▸ **Activity**
An exact repetition of all the entries that follow is required.

* * * * * * * * *

(* Let $B:\mathbb{R}^2\to\mathbb{R}$ satisfy, for every multi-index $\beta\in\mathbb{N}_0^2$ and some $s_B>4$, $|\partial^\beta B(x)|\lesssim(1+|x|)^{-s_B-|\beta|}$, and suppose $\int_{\mathbb{R}^2}B(x)dx=0$. Then there exists a differentiable vector field $A:\mathbb{R}^2\to\mathbb{R}^2$ with $\mathrm{curl}\,A=B$ such that $$|\nabla\cdot A(x)|\lesssim(1+|x|)^{-3-0},\qquad |A(x)|\lesssim(1+|x|)^{-3-0}.$$
   Context: ''$f\lesssim(1+|x|)^{-a-0}$'' means $(1+|x|)^af(x)\to0$ as $|x|\to\infty$; $f\lesssim g$ means $f\le cg$ for some constant $c$. *)

From Stdlib Require Import Reals List.
From Coquelicot Require Import Coquelicot.
Open Scope R_scope.

Definition norm2 (x y : R) : R := sqrt (x ^ 2 + y ^ 2).

Definition pd1 (f : R -> R -> R) : R -> R -> R :=
  fun x y => Derive (fun t => f t y) x.
Definition pd2 (f : R -> R -> R) : R -> R -> R :=
  fun x y => Derive (fun t => f x t) y.

(* iterated partial derivatives along a list of directions (true = x, false = y) *)
Fixpoint iterD (l : list bool) (f : R -> R -> R) : R -> R -> R :=
  match l with
  | nil => f
  | b :: l' => (if b then pd1 else pd2) (iterD l' f)
  end.

Definition smooth2 (f : R -> R -> R) : Prop :=
  forall l : list bool,
    (forall x y, continuous (fun p : R * R => iterD l f (fst p) (snd p)) (x, y)) /\
    (forall x y, ex_derive (fun t => iterD l f t y) x /\
                 ex_derive (fun t => iterD l f x t) y).

Definition dmulti (k l : nat) (f : R -> R -> R) : R -> R -> R :=
  Nat.iter k pd1 (Nat.iter l pd2 f).

Definition differentiable2 (f : R -> R -> R) : Prop :=
  forall x y, ex_filterdiff (fun p : R * R => f (fst p) (snd p)) (locally (x, y)).

(* f ≲ (1+|x|)^{-a-0}  :<=>  (1+|x|)^a f(x) -> 0 as |x| -> oo *)
Definition decay_little (a : R) (f : R -> R -> R) : Prop :=
  forall eps : R, 0 < eps -> exists R0 : R, forall x y,
    R0 < norm2 x y -> Rabs (Rpower (1 + norm2 x y) a * f x y) < eps.

(* integral over R^2, as iterated improper integral (Fubini) *)
Definition integral_R2_is (f : R -> R -> R) (v : R) : Prop :=
  is_RInt_gen
    (fun x => RInt_gen (fun y => f x y) (Rbar_locally m_infty) (Rbar_locally p_infty))
    (Rbar_locally m_infty) (Rbar_locally p_infty) v.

* * * * * * * * *

▸ **Solution to this problem**
(* Let $B:\mathbb{R}^2\to\mathbb{R}$ satisfy, for every multi-index $\beta\in\mathbb{N}_0^2$ and some $s_B>4$, $|\partial^\beta B(x)|\lesssim(1+|x|)^{-s_B-|\beta|}$, and suppose $\int_{\mathbb{R}^2}B(x)dx=0$. Then there exists a differentiable vector field $A:\mathbb{R}^2\to\mathbb{R}^2$ with $\mathrm{curl}\,A=B$ such that $$|\nabla\cdot A(x)|\lesssim(1+|x|)^{-3-0},\qquad |A(x)|\lesssim(1+|x|)^{-3-0}.$$
   Context: ''$f\lesssim(1+|x|)^{-a-0}$'' means $(1+|x|)^af(x)\to0$ as $|x|\to\infty$; $f\lesssim g$ means $f\le cg$ for some constant $c$. *)

From Stdlib Require Import Reals List.
From Coquelicot Require Import Coquelicot.
Open Scope R_scope.

Definition norm2 (x y : R) : R := sqrt (x ^ 2 + y ^ 2).

Definition pd1 (f : R -> R -> R) : R -> R -> R :=
  fun x y => Derive (fun t => f t y) x.
Definition pd2 (f : R -> R -> R) : R -> R -> R :=
  fun x y => Derive (fun t => f x t) y.

(* iterated partial derivatives along a list of directions (true = x, false = y) *)
Fixpoint iterD (l : list bool) (f : R -> R -> R) : R -> R -> R :=
  match l with
  | nil => f
  | b :: l' => (if b then pd1 else pd2) (iterD l' f)
  end.

Definition smooth2 (f : R -> R -> R) : Prop :=
  forall l : list bool,
    (forall x y, continuous (fun p : R * R => iterD l f (fst p) (snd p)) (x, y)) /\
    (forall x y, ex_derive (fun t => iterD l f t y) x /\
                 ex_derive (fun t => iterD l f x t) y).

Definition dmulti (k l : nat) (f : R -> R -> R) : R -> R -> R :=
  Nat.iter k pd1 (Nat.iter l pd2 f).

Definition differentiable2 (f : R -> R -> R) : Prop :=
  forall x y, ex_filterdiff (fun p : R * R => f (fst p) (snd p)) (locally (x, y)).

(* f ≲ (1+|x|)^{-a-0}  :<=>  (1+|x|)^a f(x) -> 0 as |x| -> oo *)
Definition decay_little (a : R) (f : R -> R -> R) : Prop :=
  forall eps : R, 0 < eps -> exists R0 : R, forall x y,
    R0 < norm2 x y -> Rabs (Rpower (1 + norm2 x y) a * f x y) < eps.

(* integral over R^2, as iterated improper integral (Fubini) *)
Definition integral_R2_is (f : R -> R -> R) (v : R) : Prop :=
  is_RInt_gen
    (fun x => RInt_gen (fun y => f x y) (Rbar_locally m_infty) (Rbar_locally p_infty))
    (Rbar_locally m_infty) (Rbar_locally p_infty) v.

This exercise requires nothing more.